**WORK ITEM**. Give the records once more, exactly as they stand.

Saved data entries:
┏━━

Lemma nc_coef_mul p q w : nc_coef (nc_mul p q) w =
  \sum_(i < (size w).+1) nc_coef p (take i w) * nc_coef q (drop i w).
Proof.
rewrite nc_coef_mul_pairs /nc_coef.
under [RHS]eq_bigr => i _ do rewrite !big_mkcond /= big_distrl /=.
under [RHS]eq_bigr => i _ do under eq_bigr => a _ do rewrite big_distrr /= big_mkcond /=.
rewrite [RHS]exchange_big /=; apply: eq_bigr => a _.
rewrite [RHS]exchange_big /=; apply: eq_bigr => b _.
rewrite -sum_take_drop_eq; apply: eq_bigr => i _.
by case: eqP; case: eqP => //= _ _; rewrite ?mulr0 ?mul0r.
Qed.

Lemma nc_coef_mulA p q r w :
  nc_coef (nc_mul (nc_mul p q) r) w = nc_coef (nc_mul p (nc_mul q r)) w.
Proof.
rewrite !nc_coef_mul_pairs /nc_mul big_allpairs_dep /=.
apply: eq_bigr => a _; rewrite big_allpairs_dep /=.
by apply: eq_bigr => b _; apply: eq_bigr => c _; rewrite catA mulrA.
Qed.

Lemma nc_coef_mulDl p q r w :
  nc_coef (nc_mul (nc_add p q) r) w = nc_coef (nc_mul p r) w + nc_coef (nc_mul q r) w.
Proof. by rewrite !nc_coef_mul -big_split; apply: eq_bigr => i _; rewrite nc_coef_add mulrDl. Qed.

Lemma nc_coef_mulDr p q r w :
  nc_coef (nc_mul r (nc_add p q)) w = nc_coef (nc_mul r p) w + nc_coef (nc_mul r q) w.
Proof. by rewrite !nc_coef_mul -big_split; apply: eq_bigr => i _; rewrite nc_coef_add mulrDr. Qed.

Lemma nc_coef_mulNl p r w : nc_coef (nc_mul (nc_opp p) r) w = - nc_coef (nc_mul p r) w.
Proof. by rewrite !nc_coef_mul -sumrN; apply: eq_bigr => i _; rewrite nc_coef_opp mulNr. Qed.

┗━━

**EXERCISE OUTPUT**.
Lemma nc_coef_mul p q w : nc_coef (nc_mul p q) w =
  \sum_(i < (size w).+1) nc_coef p (take i w) * nc_coef q (drop i w).
Proof.
rewrite nc_coef_mul_pairs /nc_coef.
under [RHS]eq_bigr => i _ do rewrite !big_mkcond /= big_distrl /=.
under [RHS]eq_bigr => i _ do under eq_bigr => a _ do rewrite big_distrr /= big_mkcond /=.
rewrite [RHS]exchange_big /=; apply: eq_bigr => a _.
rewrite [RHS]exchange_big /=; apply: eq_bigr => b _.
rewrite -sum_take_drop_eq; apply: eq_bigr => i _.
by case: eqP; case: eqP => //= _ _; rewrite ?mulr0 ?mul0r.
Qed.

Lemma nc_coef_mulA p q r w :
  nc_coef (nc_mul (nc_mul p q) r) w = nc_coef (nc_mul p (nc_mul q r)) w.
Proof.
rewrite !nc_coef_mul_pairs /nc_mul big_allpairs_dep /=.
apply: eq_bigr => a _; rewrite big_allpairs_dep /=.
by apply: eq_bigr => b _; apply: eq_bigr => c _; rewrite catA mulrA.
Qed.

Lemma nc_coef_mulDl p q r w :
  nc_coef (nc_mul (nc_add p q) r) w = nc_coef (nc_mul p r) w + nc_coef (nc_mul q r) w.
Proof. by rewrite !nc_coef_mul -big_split; apply: eq_bigr => i _; rewrite nc_coef_add mulrDl. Qed.

Lemma nc_coef_mulDr p q r w :
  nc_coef (nc_mul r (nc_add p q)) w = nc_coef (nc_mul r p) w + nc_coef (nc_mul r q) w.
Proof. by rewrite !nc_coef_mul -big_split; apply: eq_bigr => i _; rewrite nc_coef_add mulrDr. Qed.

Lemma nc_coef_mulNl p r w : nc_coef (nc_mul (nc_opp p) r) w = - nc_coef (nc_mul p r) w.
Proof. by rewrite !nc_coef_mul -sumrN; apply: eq_bigr => i _; rewrite nc_coef_opp mulNr. Qed.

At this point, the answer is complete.